=== What you are asked to do ===
Scan the records below for the line containing "rewrite inE ltnS" and the line containing "have [u uv uM]". Copy both, plus every line between, exactly.

Stored items

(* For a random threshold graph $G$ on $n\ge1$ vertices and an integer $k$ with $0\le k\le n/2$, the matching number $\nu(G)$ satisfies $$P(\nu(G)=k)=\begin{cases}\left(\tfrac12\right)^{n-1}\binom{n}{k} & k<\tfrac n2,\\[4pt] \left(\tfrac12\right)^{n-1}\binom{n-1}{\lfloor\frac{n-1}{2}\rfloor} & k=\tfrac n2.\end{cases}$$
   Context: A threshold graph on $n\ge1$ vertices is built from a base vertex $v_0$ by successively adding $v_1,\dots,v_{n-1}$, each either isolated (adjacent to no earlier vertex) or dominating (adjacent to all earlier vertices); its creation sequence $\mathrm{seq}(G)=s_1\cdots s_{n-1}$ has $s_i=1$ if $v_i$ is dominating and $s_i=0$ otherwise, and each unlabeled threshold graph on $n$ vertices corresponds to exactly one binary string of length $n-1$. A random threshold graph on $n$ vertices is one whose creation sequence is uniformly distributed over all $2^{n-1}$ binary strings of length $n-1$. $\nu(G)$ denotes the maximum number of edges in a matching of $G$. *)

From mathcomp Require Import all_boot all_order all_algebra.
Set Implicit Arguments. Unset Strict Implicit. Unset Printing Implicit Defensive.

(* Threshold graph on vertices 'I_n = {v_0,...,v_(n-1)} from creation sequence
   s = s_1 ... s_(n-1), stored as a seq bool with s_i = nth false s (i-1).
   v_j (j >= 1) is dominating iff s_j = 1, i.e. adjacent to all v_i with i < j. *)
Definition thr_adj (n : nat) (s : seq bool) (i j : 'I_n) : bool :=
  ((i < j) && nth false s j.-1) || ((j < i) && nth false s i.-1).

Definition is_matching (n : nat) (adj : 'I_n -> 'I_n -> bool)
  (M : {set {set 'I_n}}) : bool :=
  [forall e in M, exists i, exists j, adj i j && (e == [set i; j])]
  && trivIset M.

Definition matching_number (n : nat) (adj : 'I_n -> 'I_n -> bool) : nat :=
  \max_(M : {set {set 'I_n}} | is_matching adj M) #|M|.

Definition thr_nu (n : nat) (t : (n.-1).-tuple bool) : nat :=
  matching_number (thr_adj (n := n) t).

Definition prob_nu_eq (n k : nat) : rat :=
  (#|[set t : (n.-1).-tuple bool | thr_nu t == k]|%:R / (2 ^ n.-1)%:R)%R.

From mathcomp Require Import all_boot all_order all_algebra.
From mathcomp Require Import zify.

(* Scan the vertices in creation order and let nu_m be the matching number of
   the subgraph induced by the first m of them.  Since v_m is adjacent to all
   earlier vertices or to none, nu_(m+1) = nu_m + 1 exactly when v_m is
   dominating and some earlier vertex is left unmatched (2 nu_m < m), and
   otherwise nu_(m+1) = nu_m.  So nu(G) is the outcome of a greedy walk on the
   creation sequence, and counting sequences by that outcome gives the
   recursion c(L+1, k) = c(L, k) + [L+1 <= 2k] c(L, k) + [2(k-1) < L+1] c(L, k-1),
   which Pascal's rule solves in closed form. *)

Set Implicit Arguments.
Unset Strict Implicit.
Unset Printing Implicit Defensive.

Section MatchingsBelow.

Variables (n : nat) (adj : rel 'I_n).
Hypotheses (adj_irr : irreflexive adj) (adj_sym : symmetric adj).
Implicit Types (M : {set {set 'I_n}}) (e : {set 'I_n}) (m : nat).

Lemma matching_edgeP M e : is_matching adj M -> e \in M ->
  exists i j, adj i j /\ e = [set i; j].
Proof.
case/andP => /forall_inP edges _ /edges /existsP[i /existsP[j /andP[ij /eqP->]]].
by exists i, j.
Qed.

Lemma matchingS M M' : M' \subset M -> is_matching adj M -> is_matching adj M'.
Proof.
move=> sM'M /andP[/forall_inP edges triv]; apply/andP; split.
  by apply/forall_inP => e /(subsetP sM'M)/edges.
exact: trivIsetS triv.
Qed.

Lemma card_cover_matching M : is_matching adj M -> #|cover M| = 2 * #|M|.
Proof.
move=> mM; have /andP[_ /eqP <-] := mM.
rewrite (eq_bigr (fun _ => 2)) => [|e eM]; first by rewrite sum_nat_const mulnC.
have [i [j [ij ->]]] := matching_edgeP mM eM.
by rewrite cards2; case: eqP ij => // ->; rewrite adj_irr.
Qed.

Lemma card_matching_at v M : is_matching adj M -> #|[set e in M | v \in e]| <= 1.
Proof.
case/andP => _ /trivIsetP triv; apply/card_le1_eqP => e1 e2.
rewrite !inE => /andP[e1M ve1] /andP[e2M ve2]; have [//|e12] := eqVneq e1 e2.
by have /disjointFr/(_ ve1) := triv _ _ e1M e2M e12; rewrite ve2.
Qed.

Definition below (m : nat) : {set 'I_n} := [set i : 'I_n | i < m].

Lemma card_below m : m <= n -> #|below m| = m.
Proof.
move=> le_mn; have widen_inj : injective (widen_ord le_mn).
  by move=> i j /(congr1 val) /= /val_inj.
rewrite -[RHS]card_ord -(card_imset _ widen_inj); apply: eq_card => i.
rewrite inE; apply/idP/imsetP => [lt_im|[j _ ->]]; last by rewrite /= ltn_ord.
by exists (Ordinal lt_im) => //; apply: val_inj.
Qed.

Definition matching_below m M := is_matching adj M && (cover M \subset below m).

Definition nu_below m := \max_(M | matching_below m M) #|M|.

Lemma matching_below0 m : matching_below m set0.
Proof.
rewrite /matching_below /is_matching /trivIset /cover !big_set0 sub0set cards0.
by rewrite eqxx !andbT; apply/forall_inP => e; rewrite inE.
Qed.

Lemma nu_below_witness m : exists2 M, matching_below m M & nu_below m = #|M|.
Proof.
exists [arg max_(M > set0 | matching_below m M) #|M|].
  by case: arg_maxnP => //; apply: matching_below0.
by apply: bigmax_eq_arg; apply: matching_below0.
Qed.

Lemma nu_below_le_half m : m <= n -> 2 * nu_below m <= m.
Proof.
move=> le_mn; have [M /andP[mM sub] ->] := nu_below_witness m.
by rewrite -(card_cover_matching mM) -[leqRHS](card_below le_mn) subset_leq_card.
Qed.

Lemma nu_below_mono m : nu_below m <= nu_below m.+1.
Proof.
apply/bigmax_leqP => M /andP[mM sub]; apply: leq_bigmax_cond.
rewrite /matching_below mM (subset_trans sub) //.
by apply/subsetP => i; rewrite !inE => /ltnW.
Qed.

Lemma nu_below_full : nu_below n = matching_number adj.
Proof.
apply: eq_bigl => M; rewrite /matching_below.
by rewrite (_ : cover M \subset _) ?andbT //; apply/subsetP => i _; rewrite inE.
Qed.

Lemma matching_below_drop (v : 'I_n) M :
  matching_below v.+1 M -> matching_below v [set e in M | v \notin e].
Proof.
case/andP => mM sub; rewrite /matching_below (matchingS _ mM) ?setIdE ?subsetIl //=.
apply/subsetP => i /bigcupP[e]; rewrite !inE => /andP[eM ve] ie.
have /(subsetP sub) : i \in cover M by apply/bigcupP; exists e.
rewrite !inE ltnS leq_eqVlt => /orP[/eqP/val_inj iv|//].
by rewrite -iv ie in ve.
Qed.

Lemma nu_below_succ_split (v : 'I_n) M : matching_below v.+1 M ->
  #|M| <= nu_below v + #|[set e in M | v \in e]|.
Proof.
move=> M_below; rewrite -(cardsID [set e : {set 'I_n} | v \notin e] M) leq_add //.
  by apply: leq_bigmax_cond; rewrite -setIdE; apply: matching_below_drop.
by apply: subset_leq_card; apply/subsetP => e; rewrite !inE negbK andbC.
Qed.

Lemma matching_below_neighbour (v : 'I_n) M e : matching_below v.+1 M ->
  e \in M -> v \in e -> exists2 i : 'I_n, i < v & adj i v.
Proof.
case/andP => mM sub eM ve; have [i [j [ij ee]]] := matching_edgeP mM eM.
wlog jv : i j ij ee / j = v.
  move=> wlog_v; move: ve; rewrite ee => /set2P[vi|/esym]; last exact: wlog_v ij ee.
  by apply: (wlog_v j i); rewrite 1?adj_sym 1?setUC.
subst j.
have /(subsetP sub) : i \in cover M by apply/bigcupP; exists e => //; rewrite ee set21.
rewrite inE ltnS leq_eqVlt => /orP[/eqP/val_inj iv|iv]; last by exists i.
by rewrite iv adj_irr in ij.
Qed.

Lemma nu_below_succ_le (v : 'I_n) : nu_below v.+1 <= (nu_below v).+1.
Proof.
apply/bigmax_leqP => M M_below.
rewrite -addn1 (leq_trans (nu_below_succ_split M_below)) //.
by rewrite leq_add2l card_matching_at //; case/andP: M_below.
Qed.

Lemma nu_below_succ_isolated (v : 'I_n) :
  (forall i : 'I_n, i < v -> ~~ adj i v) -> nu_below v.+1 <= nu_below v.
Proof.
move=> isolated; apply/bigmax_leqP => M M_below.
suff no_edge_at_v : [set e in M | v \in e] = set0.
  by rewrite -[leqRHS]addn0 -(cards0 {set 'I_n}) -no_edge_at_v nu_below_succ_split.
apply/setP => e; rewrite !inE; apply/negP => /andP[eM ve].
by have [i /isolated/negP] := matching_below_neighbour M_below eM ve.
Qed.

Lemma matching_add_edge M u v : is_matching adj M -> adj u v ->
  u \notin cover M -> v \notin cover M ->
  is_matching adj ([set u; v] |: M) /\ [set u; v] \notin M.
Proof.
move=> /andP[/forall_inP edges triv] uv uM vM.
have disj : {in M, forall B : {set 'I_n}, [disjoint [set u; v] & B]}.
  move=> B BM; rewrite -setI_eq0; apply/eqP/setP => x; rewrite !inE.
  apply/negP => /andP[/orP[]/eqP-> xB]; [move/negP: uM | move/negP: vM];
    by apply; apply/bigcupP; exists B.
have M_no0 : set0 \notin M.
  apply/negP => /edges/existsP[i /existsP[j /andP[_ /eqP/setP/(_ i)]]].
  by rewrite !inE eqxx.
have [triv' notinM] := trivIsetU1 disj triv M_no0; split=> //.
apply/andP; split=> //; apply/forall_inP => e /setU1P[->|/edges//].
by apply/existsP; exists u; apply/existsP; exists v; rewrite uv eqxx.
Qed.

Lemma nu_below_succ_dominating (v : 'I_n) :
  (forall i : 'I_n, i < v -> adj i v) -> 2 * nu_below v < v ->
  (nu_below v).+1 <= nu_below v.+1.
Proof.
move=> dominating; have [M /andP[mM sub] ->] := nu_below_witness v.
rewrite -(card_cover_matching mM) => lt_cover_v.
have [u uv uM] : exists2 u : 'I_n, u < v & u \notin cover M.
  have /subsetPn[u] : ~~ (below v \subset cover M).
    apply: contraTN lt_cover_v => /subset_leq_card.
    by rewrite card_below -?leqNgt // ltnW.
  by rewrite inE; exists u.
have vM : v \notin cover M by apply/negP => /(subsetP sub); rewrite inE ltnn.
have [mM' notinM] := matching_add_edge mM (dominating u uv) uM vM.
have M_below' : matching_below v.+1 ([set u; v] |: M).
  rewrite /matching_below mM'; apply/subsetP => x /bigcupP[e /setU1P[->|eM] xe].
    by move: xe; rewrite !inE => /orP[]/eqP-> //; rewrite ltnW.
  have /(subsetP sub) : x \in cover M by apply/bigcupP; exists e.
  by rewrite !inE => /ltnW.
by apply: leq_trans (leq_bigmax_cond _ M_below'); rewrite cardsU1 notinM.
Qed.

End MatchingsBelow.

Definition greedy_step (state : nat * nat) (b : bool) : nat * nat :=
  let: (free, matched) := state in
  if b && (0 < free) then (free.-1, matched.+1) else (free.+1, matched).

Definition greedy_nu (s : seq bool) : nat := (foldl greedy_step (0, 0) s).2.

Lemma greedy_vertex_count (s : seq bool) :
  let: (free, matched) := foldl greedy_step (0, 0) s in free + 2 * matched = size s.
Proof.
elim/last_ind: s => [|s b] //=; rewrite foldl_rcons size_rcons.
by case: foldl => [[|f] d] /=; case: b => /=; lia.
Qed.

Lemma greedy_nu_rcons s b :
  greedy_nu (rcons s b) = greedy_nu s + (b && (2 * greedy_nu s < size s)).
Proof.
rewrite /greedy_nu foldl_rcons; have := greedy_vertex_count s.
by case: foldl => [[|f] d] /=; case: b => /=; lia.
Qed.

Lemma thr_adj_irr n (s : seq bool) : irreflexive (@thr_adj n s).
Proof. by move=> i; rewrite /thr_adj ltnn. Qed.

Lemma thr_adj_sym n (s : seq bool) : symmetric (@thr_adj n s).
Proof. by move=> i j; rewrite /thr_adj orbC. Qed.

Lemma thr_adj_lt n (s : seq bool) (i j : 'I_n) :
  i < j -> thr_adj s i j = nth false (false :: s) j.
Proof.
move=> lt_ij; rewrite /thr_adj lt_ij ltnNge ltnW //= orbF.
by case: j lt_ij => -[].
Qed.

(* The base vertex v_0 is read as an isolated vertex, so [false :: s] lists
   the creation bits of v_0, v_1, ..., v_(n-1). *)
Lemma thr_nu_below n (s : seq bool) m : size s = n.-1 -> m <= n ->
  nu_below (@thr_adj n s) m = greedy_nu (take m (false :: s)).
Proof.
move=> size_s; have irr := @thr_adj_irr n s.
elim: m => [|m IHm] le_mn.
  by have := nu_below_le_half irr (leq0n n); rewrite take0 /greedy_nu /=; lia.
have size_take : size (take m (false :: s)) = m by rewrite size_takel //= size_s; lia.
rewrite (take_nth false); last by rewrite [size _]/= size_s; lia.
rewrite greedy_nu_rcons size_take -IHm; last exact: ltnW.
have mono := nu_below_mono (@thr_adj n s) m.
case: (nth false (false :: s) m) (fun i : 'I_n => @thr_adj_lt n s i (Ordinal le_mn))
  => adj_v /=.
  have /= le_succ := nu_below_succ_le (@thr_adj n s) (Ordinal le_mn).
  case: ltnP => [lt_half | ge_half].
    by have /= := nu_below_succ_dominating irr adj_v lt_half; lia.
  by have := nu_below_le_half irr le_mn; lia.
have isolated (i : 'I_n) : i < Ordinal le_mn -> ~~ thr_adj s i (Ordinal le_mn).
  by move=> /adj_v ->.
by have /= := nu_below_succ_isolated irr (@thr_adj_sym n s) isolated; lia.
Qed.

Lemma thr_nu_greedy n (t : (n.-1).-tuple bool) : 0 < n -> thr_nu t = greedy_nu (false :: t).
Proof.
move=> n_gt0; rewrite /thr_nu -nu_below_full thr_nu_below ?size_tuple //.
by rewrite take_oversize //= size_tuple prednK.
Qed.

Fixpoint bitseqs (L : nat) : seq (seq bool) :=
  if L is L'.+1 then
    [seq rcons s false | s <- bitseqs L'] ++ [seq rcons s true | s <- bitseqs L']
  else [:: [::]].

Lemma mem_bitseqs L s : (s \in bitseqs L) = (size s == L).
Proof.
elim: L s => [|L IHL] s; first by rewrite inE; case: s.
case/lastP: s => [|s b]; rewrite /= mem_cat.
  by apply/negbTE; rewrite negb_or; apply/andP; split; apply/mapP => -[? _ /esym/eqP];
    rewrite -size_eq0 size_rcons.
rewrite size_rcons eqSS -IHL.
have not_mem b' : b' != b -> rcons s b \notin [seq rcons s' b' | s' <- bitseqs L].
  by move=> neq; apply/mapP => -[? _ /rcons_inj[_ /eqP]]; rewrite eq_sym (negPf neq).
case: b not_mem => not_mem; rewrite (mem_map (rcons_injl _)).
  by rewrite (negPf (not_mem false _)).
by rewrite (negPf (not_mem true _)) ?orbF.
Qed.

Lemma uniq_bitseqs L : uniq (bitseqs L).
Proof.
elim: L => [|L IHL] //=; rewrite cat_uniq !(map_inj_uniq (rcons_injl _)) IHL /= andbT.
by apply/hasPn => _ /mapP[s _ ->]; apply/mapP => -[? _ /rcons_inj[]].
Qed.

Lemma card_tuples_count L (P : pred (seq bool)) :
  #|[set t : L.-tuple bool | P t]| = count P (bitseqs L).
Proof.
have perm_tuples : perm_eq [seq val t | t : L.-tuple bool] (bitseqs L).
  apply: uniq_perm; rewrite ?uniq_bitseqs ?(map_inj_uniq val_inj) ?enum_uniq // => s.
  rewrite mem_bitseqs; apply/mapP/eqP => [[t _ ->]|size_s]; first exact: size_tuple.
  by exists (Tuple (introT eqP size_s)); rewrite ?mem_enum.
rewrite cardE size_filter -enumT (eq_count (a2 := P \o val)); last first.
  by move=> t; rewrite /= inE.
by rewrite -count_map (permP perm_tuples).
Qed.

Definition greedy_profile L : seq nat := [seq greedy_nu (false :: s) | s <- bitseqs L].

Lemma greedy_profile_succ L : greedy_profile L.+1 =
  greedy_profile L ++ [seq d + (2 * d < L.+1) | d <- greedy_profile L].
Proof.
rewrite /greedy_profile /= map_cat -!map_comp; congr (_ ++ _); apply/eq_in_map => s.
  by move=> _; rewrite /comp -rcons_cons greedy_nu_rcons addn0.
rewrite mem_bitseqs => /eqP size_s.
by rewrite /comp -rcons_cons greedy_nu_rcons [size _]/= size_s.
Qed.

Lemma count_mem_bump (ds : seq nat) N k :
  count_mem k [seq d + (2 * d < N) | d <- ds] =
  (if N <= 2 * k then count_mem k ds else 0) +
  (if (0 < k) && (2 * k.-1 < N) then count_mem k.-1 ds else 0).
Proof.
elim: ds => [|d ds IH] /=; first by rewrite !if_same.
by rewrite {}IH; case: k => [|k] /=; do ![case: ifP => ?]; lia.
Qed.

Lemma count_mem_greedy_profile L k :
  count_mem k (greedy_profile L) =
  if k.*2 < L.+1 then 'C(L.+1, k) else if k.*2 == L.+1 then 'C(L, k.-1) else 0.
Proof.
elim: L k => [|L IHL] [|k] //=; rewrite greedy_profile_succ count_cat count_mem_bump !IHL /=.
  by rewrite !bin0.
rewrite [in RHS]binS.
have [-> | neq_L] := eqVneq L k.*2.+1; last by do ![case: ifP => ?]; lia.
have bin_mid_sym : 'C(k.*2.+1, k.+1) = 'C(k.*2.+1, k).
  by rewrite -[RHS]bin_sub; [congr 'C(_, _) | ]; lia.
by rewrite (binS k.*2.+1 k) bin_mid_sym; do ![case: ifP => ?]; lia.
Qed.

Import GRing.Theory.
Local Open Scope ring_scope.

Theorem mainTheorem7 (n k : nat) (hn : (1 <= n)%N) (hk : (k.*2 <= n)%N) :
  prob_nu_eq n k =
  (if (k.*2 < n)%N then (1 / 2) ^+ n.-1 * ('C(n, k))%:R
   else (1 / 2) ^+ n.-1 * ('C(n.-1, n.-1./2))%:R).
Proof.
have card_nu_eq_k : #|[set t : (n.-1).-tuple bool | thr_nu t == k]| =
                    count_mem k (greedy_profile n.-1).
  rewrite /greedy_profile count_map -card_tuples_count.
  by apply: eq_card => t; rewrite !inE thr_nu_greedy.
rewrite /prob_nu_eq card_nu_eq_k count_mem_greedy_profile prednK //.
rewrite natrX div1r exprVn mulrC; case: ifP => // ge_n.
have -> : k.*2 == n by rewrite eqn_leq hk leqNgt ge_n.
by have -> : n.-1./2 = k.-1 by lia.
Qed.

=== Response to this task ===
rewrite inE ltnS leq_eqVlt => /orP[/eqP/val_inj iv|iv]; last by exists i.
by rewrite iv adj_irr in ij.
Qed.

Lemma nu_below_succ_le (v : 'I_n) : nu_below v.+1 <= (nu_below v).+1.
Proof.
apply/bigmax_leqP => M M_below.
rewrite -addn1 (leq_trans (nu_below_succ_split M_below)) //.
by rewrite leq_add2l card_matching_at //; case/andP: M_below.
Qed.

Lemma nu_below_succ_isolated (v : 'I_n) :
  (forall i : 'I_n, i < v -> ~~ adj i v) -> nu_below v.+1 <= nu_below v.
Proof.
move=> isolated; apply/bigmax_leqP => M M_below.
suff no_edge_at_v : [set e in M | v \in e] = set0.
  by rewrite -[leqRHS]addn0 -(cards0 {set 'I_n}) -no_edge_at_v nu_below_succ_split.
apply/setP => e; rewrite !inE; apply/negP => /andP[eM ve].
by have [i /isolated/negP] := matching_below_neighbour M_below eM ve.
Qed.

Lemma matching_add_edge M u v : is_matching adj M -> adj u v ->
  u \notin cover M -> v \notin cover M ->
  is_matching adj ([set u; v] |: M) /\ [set u; v] \notin M.
Proof.
move=> /andP[/forall_inP edges triv] uv uM vM.
have disj : {in M, forall B : {set 'I_n}, [disjoint [set u; v] & B]}.
  move=> B BM; rewrite -setI_eq0; apply/eqP/setP => x; rewrite !inE.
  apply/negP => /andP[/orP[]/eqP-> xB]; [move/negP: uM | move/negP: vM];
    by apply; apply/bigcupP; exists B.
have M_no0 : set0 \notin M.
  apply/negP => /edges/existsP[i /existsP[j /andP[_ /eqP/setP/(_ i)]]].
  by rewrite !inE eqxx.
have [triv' notinM] := trivIsetU1 disj triv M_no0; split=> //.
apply/andP; split=> //; apply/forall_inP => e /setU1P[->|/edges//].
by apply/existsP; exists u; apply/existsP; exists v; rewrite uv eqxx.
Qed.

Lemma nu_below_succ_dominating (v : 'I_n) :
  (forall i : 'I_n, i < v -> adj i v) -> 2 * nu_below v < v ->
  (nu_below v).+1 <= nu_below v.+1.
Proof.
move=> dominating; have [M /andP[mM sub] ->] := nu_below_witness v.
rewrite -(card_cover_matching mM) => lt_cover_v.
have [u uv uM] : exists2 u : 'I_n, u < v & u \notin cover M.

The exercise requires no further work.